Next Embedding Prediction Makes World Models Stronger
This work addresses the problem of model-based reinforcement learning for researchers and practitioners working in complex, partially observable environments, and presents an incremental yet effective improvement.
The authors tackled the problem of model-based reinforcement learning in partially observable, high-dimensional domains and achieved substantial gains with their approach, matching or exceeding the performance of leading agents. On a subset of DMLab tasks, their method achieved substantial gains.
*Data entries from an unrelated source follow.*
(* Let $S$ be the set of positive integers $\ell$ for which there exists $n_0$ with $\Delta_\ell(n)>0$ for all $n\geq n_0$, and for each $\ell\in S$ let $n_0(\ell)$ be an integer such that $\Delta_\ell(n)>0$ for all $n\ge n_0(\ell)$. If $S$ is infinite, then the sequence $(n_0(\ell))_{\ell\in S}$ is unbounded.
   Context: For integers $n\geq 0$ let $S_n$ be the symmetric group on $n$ elements ($S_0$ trivial). For an integer $\ell\geq 1$ let $C_{\ell,n}=\{(\pi_1,\dots,\pi_\ell)\in S_n^\ell : \pi_j\pi_k=\pi_k\pi_j \text{ for all } 1\le j,k\le \ell\}$ and $N_\ell(n)=|C_{\ell,n}|/|S_n|$ (so $N_\ell(0)=1$). Define $\Delta_\ell(n)=N_\ell(n)^2-N_\ell(n-1)N_\ell(n+1)$ for $n\geq 1$. *)

From HB Require Import structures.
From mathcomp Require Import all_boot all_order all_algebra all_fingroup.
Set Implicit Arguments. Unset Strict Implicit. Unset Printing Implicit Defensive.
Import GRing.Theory Num.Theory.
Local Open Scope ring_scope.

Definition commuting_tuples (l n : nat) : {set {ffun 'I_l -> {perm 'I_n}}} :=
  [set f : {ffun 'I_l -> {perm 'I_n}} |
     [forall j : 'I_l, forall k : 'I_l, ((f j * f k)%g == (f k * f j)%g)]].

Definition Ncomm (l n : nat) : rat :=
  (#|commuting_tuples l n|)%:R / (#|{perm 'I_n}|)%:R.

(* Delta_l(n) = N_l(n)^2 - N_l(n-1) N_l(n+1), meaningful for n >= 1. *)
Definition Delta (l n : nat) : rat :=
  Ncomm l n ^+ 2 - Ncomm l n.-1 * Ncomm l n.+1.

Definition inS (l : nat) : Prop :=
  (0 < l)%N /\ exists n0 : nat, forall n : nat, (1 <= n)%N -> (n0 <= n)%N -> 0 < Delta l n.

From mathcomp Require Import all_boot all_order all_algebra all_fingroup.
From mathcomp Require Import zify ring.
Set Implicit Arguments. Unset Strict Implicit. Unset Printing Implicit Defensive.
Import Order.TTheory GRing.Theory Num.Theory.

(* A commuting l-tuple of permutations generates an abelian subgroup of S_n,
   and abelian subgroups of S_n have order at most a(n), with a(3j+4) = 4 3^j;
   so |C_{l,n}| <= c_n a(n)^l.  Conversely, direct sums of cyclic rotations
   give |C_{l,3k}| >= 3^(kl) and |C_{l,3k+2}| >= 2^l 3^(kl).  At n = 3j+4 this
   bounds N_l(n)^2 by c 16^l 9^(jl) and N_l(n-1) N_l(n+1) from below by
   c' 18^l 9^(jl), so Delta_l(3j+4) <= 0 for all large l: every large enough
   l in S has n_0(l) > 3j+4. *)

(* The largest order of an abelian subgroup of S_n; only the upper bound
   [card_abelian_Sym] is needed. *)
Fixpoint abelian_bound (n : nat) : nat :=
  match n with
  | 0 | 1 => 1 | 2 => 2 | 3 => 3 | 4 => 4
  | k.+3 => 3 * abelian_bound k
  end.

Lemma abelian_bound_sub3 n : 5 <= n -> abelian_bound n = 3 * abelian_bound (n - 3).
Proof. by case: n => [|[|[|[|[|[|n]]]]]] //; rewrite subSS subSS subSS. Qed.

Lemma leq_abelian_bound n : n <= abelian_bound n.
Proof.
elim/ltn_ind: n => n IH; have [lt_n5 | ge_n5] := ltnP n 5.
  by case: n lt_n5 {IH} => [|[|[|[|[|]]]]].
have /IH ih : n - 3 < n by lia.
rewrite abelian_bound_sub3 //; lia.
Qed.

Lemma abelian_bound_mul a b :
  abelian_bound a * abelian_bound b <= abelian_bound (a + b).
Proof.
have [n] := ubnP (a + b); elim: n a b => [//|n IH] a b lt_abn.
wlog le_ba : a b lt_abn / b <= a.
  move=> hw; have [le_ba | /ltnW le_ab] := leqP b a; first exact: hw.
  by rewrite mulnC addnC; apply: hw; rewrite // addnC.
have [lt_a5 | ge_a5] := ltnP a 5.
  by case: a lt_a5 le_ba {lt_abn} => [|[|[|[|[|]]]]] //; case: b => [|[|[|[|[|]]]]].
have ge_ab5 : 5 <= a + b by lia.
rewrite (abelian_bound_sub3 ge_a5) (abelian_bound_sub3 ge_ab5) -mulnA leq_mul2l /=.
by rewrite -addnBAC; [apply: IH; lia | lia].
Qed.

Lemma abelian_bound_3j4 j : abelian_bound (3 * j + 4) = 4 * 3 ^ j.
Proof.
elim: j => [//|j IH]; rewrite abelian_bound_sub3; last by lia.
by rewrite (_ : 3 * j.+1 + 4 - 3 = 3 * j + 4) ?IH ?expnS; lia.
Qed.

Lemma card_abelian_Sym (T : finType) (S : {set T}) (A : {group {perm T}}) :
  abelian A -> A \subset Sym S -> #|A| <= abelian_bound #|S|.
Proof.
have [n] := ubnP #|S|; elim: n S A => [//|n IH] S A lt_Sn abA sAS.
have onS a : a \in A -> perm_on S a by move=> Aa; have := subsetP sAS a Aa; rewrite inE.
have [S0 | [x Sx]] := set_0Vmem S.
  suff -> : A :=: 1%g by rewrite cards1 S0 cards0.
  apply/trivgP/subsetP => a Aa; rewrite inE; apply/eqP.
  by apply: perm_on_id (onS a Aa) _; rewrite S0 cards0.
pose O := orbit 'P A x.
have sOS : O \subset S.
  by apply/subsetP => _ /orbitP [a Aa <-]; rewrite /= perm_closed ?onS.
have Ox : x \in O := orbit_refl _ _ _.
(* An element fixing x also fixes every b x, because it commutes with b. *)
have sHS : 'C_A[x | 'P]%g \subset Sym (S :\: O).
  apply/subsetP => a /setIP [Aa /astab1P /= ax]; rewrite inE.
  apply/subsetP => y; rewrite inE => ay; rewrite inE.
  rewrite (subsetP (onS a Aa)) ?inE // andbT.
  apply: contra ay => /orbitP [b Ab <-]; rewrite /= -permM.
  by rewrite (centsP abA b Ab a Aa) permM -[a x]/(aperm x a) ax.
have cardS : #|S| = #|O| + #|S :\: O| by rewrite -(cardsID O S) (setIidPr sOS).
rewrite -(card_orbit_stab 'P A x) -/O cardS.
apply: leq_trans (abelian_bound_mul _ _); apply: leq_mul; first exact: leq_abelian_bound.
apply: IH sHS; last exact: abelianS (subsetIl _ _) abA.
have : 0 < #|O| by apply/card_gt0P; exists x.
lia.
Qed.

Lemma card_bigcup_leq (I T : finType) (P : pred I) (F : I -> {set T}) :
  #|\bigcup_(i | P i) F i| <= \sum_(i | P i) #|F i|.
Proof.
apply: (big_ind2 (fun (A : {set T}) m => #|A| <= m)) => [|A m B k le_Am le_Bk|//].
  by rewrite cards0.
exact: leq_trans (leq_card_setU A B) (leq_add le_Am le_Bk).
Qed.

Lemma card_commuting_tuples_leq l n :
  #|commuting_tuples l n| <= #|{group {perm 'I_n}}| * abelian_bound n ^ l.
Proof.
pose tuples_in (G : {group {perm 'I_n}}) :=
  [set f : {ffun 'I_l -> {perm 'I_n}} | f \in ffun_on G].
have sub : commuting_tuples l n
           \subset \bigcup_(G : {group {perm 'I_n}} | abelian G) tuples_in G.
  apply/subsetP => f; rewrite inE => /forallP comm_f.
  apply/bigcupP; exists <<[set f j | j : 'I_l]>>%G; last first.
    by rewrite inE; apply/ffun_onP => j; apply/mem_gen/imset_f.
  rewrite /= abelian_gen; apply/centsP => _ /imsetP [j _ ->] _ /imsetP [k _ ->].
  by have /forallP /(_ k) /eqP := comm_f j.
apply: leq_trans (subset_leq_card sub) _; apply: leq_trans (card_bigcup_leq _ _) _.
apply: leq_trans
  (_ : \sum_(G : {group {perm 'I_n}} | abelian G) abelian_bound n ^ l <= _).
  apply: leq_sum => G abG; rewrite cardsE card_ffun_on card_ord.
  have [-> // | l_gt0] := posnP l; rewrite leq_exp2r //.
  have := @card_abelian_Sym _ [set: 'I_n] G abG; rewrite cardsT card_ord; apply.
  by apply/subsetP => a _; rewrite inE; apply/subsetP => y _; rewrite inE.
by rewrite sum_nat_const leq_mul2r max_card orbT.
Qed.

Lemma card_commuting_tuples_gt0 l n : 0 < #|commuting_tuples l n|.
Proof.
apply/card_gt0P; exists [ffun=> 1%g]; rewrite inE.
by apply/forallP => j; apply/forallP => k; rewrite !ffunE.
Qed.

Definition rot_perm m (i : 'I_m.+1) : {perm 'I_m.+1} := perm (@addIr _ i).

Lemma card_commuting_tuples_ge_exp l n : n ^ l <= #|commuting_tuples l n|.
Proof.
case: n => [|m].
  by case: l => [|l]; [exact: card_commuting_tuples_gt0 | rewrite exp0n].
pose rot_tuple (g : {ffun 'I_l -> 'I_m.+1}) := [ffun j => rot_perm (g j)].
have inj_rot : injective rot_tuple.
  move=> g1 g2 /ffunP eq_g; apply/ffunP => j.
  by have /permP /(_ 0%R) := eq_g j; rewrite !ffunE !permE !add0r.
have : rot_tuple @: [set: {ffun 'I_l -> 'I_m.+1}] \subset commuting_tuples l m.+1.
  apply/subsetP => _ /imsetP [g _ ->]; rewrite inE.
  apply/forallP => j; apply/forallP => k; apply/eqP/permP => x.
  by rewrite !permM !ffunE !permE -!addrA [(g k + g j)%R]addrC.
by move/subset_leq_card; rewrite card_imset // cardsT card_ffun !card_ord.
Qed.

Section PermSum.

Variables a b : nat.

Definition perm_sum_fun (p : {perm 'I_a}) (q : {perm 'I_b}) (x : 'I_(a + b)) :=
  unsplit (match split x with inl y => inl (p y) | inr z => inr (q z) end).

Lemma perm_sum_fun_inj p q : injective (perm_sum_fun p q).
Proof.
move=> x1 x2 /(can_inj unsplitK) eq_x12; rewrite -[x1]splitK -[x2]splitK.
by move: eq_x12; case: (split x1) (split x2) => [y1|z1] [y2|z2] //= [] /perm_inj ->.
Qed.

Definition perm_sum p q : {perm 'I_(a + b)} := perm (@perm_sum_fun_inj p q).

Lemma perm_sum_lshift p q y : perm_sum p q (lshift b y) = lshift b (p y).
Proof. by rewrite permE /perm_sum_fun (unsplitK (inl y)). Qed.

Lemma perm_sum_rshift p q z : perm_sum p q (rshift a z) = rshift a (q z).
Proof. by rewrite permE /perm_sum_fun (unsplitK (inr z)). Qed.

Lemma perm_sumM p q p' q' :
  (perm_sum p q * perm_sum p' q')%g = perm_sum (p * p')%g (q * q')%g.
Proof.
apply/permP => x; rewrite -[x]splitK permM.
by case: (split x) => y; rewrite /= ?perm_sum_lshift ?perm_sum_rshift !permM.
Qed.

Lemma perm_sum_inj p q p' q' : perm_sum p q = perm_sum p' q' -> p = p' /\ q = q'.
Proof.
move=> eq_pq; split; apply/permP => y.
  by apply: (@lshift_inj a b); rewrite -(perm_sum_lshift p q) eq_pq perm_sum_lshift.
by apply: (@rshift_inj a b); rewrite -(perm_sum_rshift p q) eq_pq perm_sum_rshift.
Qed.

End PermSum.

Lemma card_commuting_tuples_mul l a b :
  #|commuting_tuples l a| * #|commuting_tuples l b| <= #|commuting_tuples l (a + b)|.
Proof.
pose sum_tuple (fg : {ffun 'I_l -> {perm 'I_a}} * {ffun 'I_l -> {perm 'I_b}}) :=
  [ffun j => perm_sum (fg.1 j) (fg.2 j)].
have inj_sum : injective sum_tuple.
  move=> [f1 g1] [f2 g2] /ffunP eq_fg.
  have eq_j j : f1 j = f2 j /\ g1 j = g2 j.
    by apply: perm_sum_inj; have := eq_fg j; rewrite !ffunE.
  by congr pair; apply/ffunP => j; case: (eq_j j).
have : sum_tuple @: setX (commuting_tuples l a) (commuting_tuples l b)
       \subset commuting_tuples l (a + b).
  apply/subsetP => _ /imsetP [[f g] /setXP [] /[!inE] /forallP comm_f /forallP comm_g ->].
  apply/forallP => j; apply/forallP => k; rewrite !ffunE !perm_sumM.
  by have /forallP /(_ k) /eqP -> := comm_f j; have /forallP /(_ k) /eqP -> := comm_g j.
by move/subset_leq_card; rewrite card_imset // cardsX.
Qed.

Lemma card_commuting_tuples_3k l k : 3 ^ (k * l) <= #|commuting_tuples l (3 * k)|.
Proof.
elim: k => [|k IH]; first exact: card_commuting_tuples_gt0.
rewrite mulnS mulSn expnD; apply: leq_trans (card_commuting_tuples_mul _ _ _).
exact: leq_mul (card_commuting_tuples_ge_exp l 3) IH.
Qed.

Lemma card_commuting_tuples_3k2 l k :
  2 ^ l * 3 ^ (k * l) <= #|commuting_tuples l (3 * k + 2)|.
Proof.
rewrite mulnC; apply: leq_trans (card_commuting_tuples_mul _ _ _).
exact: leq_mul (card_commuting_tuples_3k l k) (card_commuting_tuples_ge_exp l 2).
Qed.

Lemma leq_mul_exp16_exp18 c l : 8 * c <= l -> c * 16 ^ l <= 18 ^ l.
Proof.
(* Bernoulli's inequality for 18/16 = 1 + 1/8. *)
have bernoulli : (l + 8) * 16 ^ l <= 8 * 18 ^ l.
  elim: l => // l IH; rewrite !expnS.
  have : 16 * ((l + 8) * 16 ^ l) <= 18 * (8 * 18 ^ l) by rewrite leq_mul.
  nia.
move=> le_cl; rewrite -(leq_pmul2l (_ : 0 < 8)) // mulnA.
by apply: leq_trans bernoulli; rewrite leq_mul2r (leq_trans le_cl (leq_addr _ _)) orbT.
Qed.

Local Open Scope ring_scope.

Lemma Delta_le0 l n :
  (#|commuting_tuples l n| ^ 2 * n.-1`! * n.+1`!
     <= #|commuting_tuples l n.-1| * #|commuting_tuples l n.+1| * n`! ^ 2)%N ->
  Delta l n <= 0.
Proof.
rewrite /Delta /Ncomm !card_Sn subr_le0 expr_div_n mulf_div => le_nat.
rewrite ler_pdivrMr ?exprn_gt0 ?ltr0n ?fact_gt0 // mulrAC.
rewrite ler_pdivlMr ?mulr_gt0 ?ltr0n ?fact_gt0 //.
by rewrite mulrA -!natrX -!natrM ler_nat.
Qed.

Lemma Delta_3j4_le0 j l :
  (8 * (#|{group {perm 'I_(3 * j + 4)}}| ^ 2 * (3 * j + 3)`! * (3 * j + 5)`!) <= l)%N ->
  Delta l (3 * j + 4) <= 0.
Proof.
set K := #|{group {perm 'I_(3 * j + 4)}}|; set c := (K ^ 2 * _ * _)%N.
move=> /leq_mul_exp16_exp18 le_c18; apply: Delta_le0.
have -> : (3 * j + 4).-1 = (3 * j + 3)%N by lia.
have -> : (3 * j + 4).+1 = (3 * j + 5)%N by lia.
set X := (3 ^ (j * l))%N.
have le_a : (#|commuting_tuples l (3 * j + 4)| <= K * 4 ^ l * X)%N.
  rewrite -mulnA /X expnM -expnMn -abelian_bound_3j4.
  exact: card_commuting_tuples_leq.
have ge_b : (3 ^ l * X <= #|commuting_tuples l (3 * j + 3)|)%N.
  rewrite /X -expnD -mulSn (_ : 3 * j + 3 = 3 * j.+1)%N; last by lia.
  exact: card_commuting_tuples_3k.
have ge_d : (2 ^ l * (3 ^ l * X) <= #|commuting_tuples l (3 * j + 5)|)%N.
  rewrite /X -expnD -mulSn (_ : 3 * j + 5 = 3 * j.+1 + 2)%N; last by lia.
  exact: card_commuting_tuples_3k2.
apply: (@leq_trans ((K * 4 ^ l * X) ^ 2 * (3 * j + 3)`! * (3 * j + 5)`!)).
  by rewrite !leq_mul2r leq_sqr le_a !orbT.
apply: (@leq_trans (3 ^ l * X * (2 ^ l * (3 ^ l * X)))); last first.
  apply: leq_trans (leq_mul ge_b ge_d) _.
  by apply: leq_pmulr; rewrite expn_gt0 fact_gt0.
have -> : ((K * 4 ^ l * X) ^ 2 * (3 * j + 3)`! * (3 * j + 5)`!
           = c * (4 ^ l * 4 ^ l) * X ^ 2)%N by rewrite /c; ring.
have -> : (3 ^ l * X * (2 ^ l * (3 ^ l * X)) = 2 ^ l * 3 ^ l * 3 ^ l * X ^ 2)%N by ring.
by rewrite -!expnMn leq_mul2r le_c18 orbT.
Qed.

Theorem corollary1p6 (n0 : nat -> nat) :
  (forall l : nat, inS l ->
     forall n : nat, (1 <= n)%N -> (n0 l <= n)%N -> 0 < Delta l n) ->
  (forall m : nat, exists l : nat, (m <= l)%N /\ inS l) ->
  forall B : nat, exists l : nat, inS l /\ (B < n0 l)%N.
Proof.
move=> Delta_gt0 S_unbounded B.
have [l [le_Ll Sl]] := S_unbounded
  (8 * (#|{group {perm 'I_(3 * B + 4)}}| ^ 2 * (3 * B + 3)`! * (3 * B + 5)`!))%N.
exists l; split => //; rewrite ltnNge; apply/negP => le_n0B.
suff : 0 < Delta l (3 * B + 4) by rewrite ltNge (Delta_3j4_le0 le_Ll).
by apply: Delta_gt0 => //; lia.
Qed.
Capturing temporal dependencies is critical for model-based reinforcement learning (MBRL) in partially observable, high-dimensional domains. We introduce NE-Dreamer, a decoder-free MBRL agent that leverages a temporal transformer to predict next-step encoder embeddings from latent state sequences, directly optimizing temporal predictive alignment in representation space. This approach enables NE-Dreamer to learn coherent, predictive state representations without reconstruction losses or auxiliary supervision. On the DeepMind Control Suite, NE-Dreamer matches or exceeds the performance of DreamerV3 and leading decoder-free agents. On a challenging subset of DMLab tasks involving memory and spatial reasoning, NE-Dreamer achieves substantial gains. These results establish next-embedding prediction with temporal transformers as an effective, scalable framework for MBRL in complex, partially observable environments.